DIRECTIONS:
In the material below, which lines hold the word "trigo"? Pick each one out.

DATASET CONTENT:
(* Let $n\ge 3$. For every point $x\in Gr^{>0}(2,n)$ one has $E(x)\ge E([C])=\dfrac{\sin(\lfloor n/2\rfloor\pi/n)}{\sin(\pi/n)}$. In particular, the row span $[C]$ of the cyclic matrix $C$ (which lies in $Gr^{>0}(2,n)$) minimizes $E$ on $Gr^{>0}(2,n)$.
   Context: For a real $2\times n$ matrix $X$ and $1\le i<j\le n$, let $\Delta_{i,j}(X)$ denote the determinant of the $2\times 2$ submatrix formed by columns $i$ and $j$ of $X$ (the Plücker coordinates of the row span $[X]$; they are determined by $[X]$ up to a common nonzero scalar). $Gr(2,n)$ is the Grassmannian of 2-dimensional subspaces of $\mathbb{R}^n$; the positive Grassmannian $Gr^{>0}(2,n)$ is the set of $x\in Gr(2,n)$ having a spanning $2\times n$ matrix $X$ (rows spanning $x$) with $\Delta_{i,j}(X)>0$ for all $1\le i<j\le n$. The loss function is $E(x)=\max_{i<j}\Delta_{i,j}(X)/\min_{i<j}\Delta_{i,j}(X)$, which does not depend on the choice of such $X$. The cyclic matrix $C$ is the $2\times n$ matrix whose $m$-th column is $(\cos((m-1)\pi/n),\ \sin((m-1)\pi/n))^T$ for $m=1,\dots,n$. *)

From HB Require Import structures.
From mathcomp Require Import all_boot all_order all_algebra.
From mathcomp Require Import reals trigo.
Set Implicit Arguments. Unset Strict Implicit. Unset Printing Implicit Defensive.
Import Order.TTheory GRing.Theory Num.Theory.
Local Open Scope ring_scope.

Section Grassmann.
Variable R : realType.

Definition plucker (n : nat) (X : 'M[R]_(2, n)) (i j : 'I_n) : R :=
  X ord0 i * X ord_max j - X ord0 j * X ord_max i.

Definition pluckers (n : nat) (X : 'M[R]_(2, n)) : seq R :=
  [seq plucker X ij.1 ij.2 | ij : 'I_n * 'I_n <- [seq (i, j) | i <- enum 'I_n, j <- enum 'I_n]
     & ij.1 < ij.2]%N.

Definition max_plucker (n : nat) (X : 'M[R]_(2, n)) : R :=
  \big[Num.max/head 0 (pluckers X)]_(d <- pluckers X) d.

Definition min_plucker (n : nat) (X : 'M[R]_(2, n)) : R :=
  \big[Num.min/head 0 (pluckers X)]_(d <- pluckers X) d.

(* X spans a point of the positive Grassmannian Gr^{>0}(2,n) *)
Definition totally_positive (n : nat) (X : 'M[R]_(2, n)) : Prop :=
  forall i j : 'I_n, (i < j)%N -> 0 < plucker X i j.

Definition lossE (n : nat) (X : 'M[R]_(2, n)) : R :=
  max_plucker X / min_plucker X.

Definition cyclicC (n : nat) : 'M[R]_(2, n) :=
  \matrix_(i < 2, m < n)
    (if i == ord0 then cos (m%:R * pi / n%:R) else sin (m%:R * pi / n%:R)).

End Grassmann.

From HB Require Import structures.
From mathcomp Require Import all_boot all_order all_algebra.
From mathcomp Require Import reals trigo exp.
From mathcomp Require Import lra zify ring.
Set Implicit Arguments. Unset Strict Implicit. Unset Printing Implicit Defensive.
Import Order.TTheory GRing.Theory Num.Theory.
Local Open Scope ring_scope.

(* Let X be totally positive.  Extending its columns twisted-periodically
   (column a + n = - column a) gives coordinates D(a,b) that are positive on
   every window a < b < a + n and satisfy the three-term Plücker relation.
   For the cyclic products P_k = prod_{a<n} D(a, a+k) the relation gives
   P_k^2 = prod_a (x_a + y_a) with prod x = P_{k-1} P_{k+1} and prod y = P_1^2,
   so superadditivity of the geometric mean makes g_k = P_k^(1/n) a
   supersolution of g_k^2 = g_{k-1} g_{k+1} + g_1^2, with g_0 = g_n = 0.
   The sine ratios s_k = sin(k pi/n) / sin(pi/n) solve s_k^2 = s_{k-1} s_{k+1} + 1,
   and a discrete minimum principle yields g_k >= s_k g_1.  Since every g_k lies
   between min Delta and max Delta, E(X) >= s_k for all 0 < k < n.  For C,
   Delta_{ij}(C) = sin((j - i) pi/n), so E(C) = s_{n/2}, which is the bound. *)

Section GeometricMean.
Variable R : realType.
Variable n : nat.
Hypothesis n_gt0 : (0 < n)%N.

Definition nroot (t : R) : R := t `^ n%:R^-1.

Lemma nroot_ge0 t : 0 <= nroot t. Proof. exact: powR_ge0. Qed.

Lemma nrootK t : 0 <= t -> nroot t ^+ n = t.
Proof.
move=> t_ge0; rewrite /nroot -powR_mulrn ?powR_ge0 // -powRrM mulVf ?powRr1 //.
by rewrite pnatr_eq0 -lt0n.
Qed.

Lemma geomean_le_mean_ratio (u w : 'I_n -> R) (U : R) :
  (forall i, 0 <= u i) -> (forall i, 0 < w i) -> 0 <= U ->
  U ^+ n <= \prod_i u i ->
  U <= (\sum_i u i / w i) / n%:R * nroot (\prod_i w i).
Proof.
move=> u_ge0 w_gt0 U_ge0 hU.
have W_gt0 : 0 < \prod_i w i by apply: prodr_gt0.
have ratio_ge0 i : 0 <= u i / w i by rewrite divr_ge0 // ltW.
have mean_ge0 : 0 <= (\sum_i u i / w i) / n%:R by rewrite divr_ge0 ?sumr_ge0.
rewrite -(ler_pXn2r n_gt0) ?nnegrE //; last by rewrite mulr_ge0 ?nroot_ge0.
rewrite exprMn (nrootK (ltW W_gt0)); apply: le_trans hU _.
have -> : \prod_i u i = (\prod_i (u i / w i)) * \prod_i w i.
  by rewrite -big_split /=; apply: eq_bigr => i _; rewrite divfK // gt_eqF.
rewrite ler_pM2r //.
have := @leif_AGM R _ predT (fun i => u i / w i) (fun i _ => ratio_ge0 i).
by rewrite card_ord => /leif_le; apply.
Qed.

ANSWER:
From mathcomp Require Import reals trigo.
From mathcomp Require Import reals trigo exp.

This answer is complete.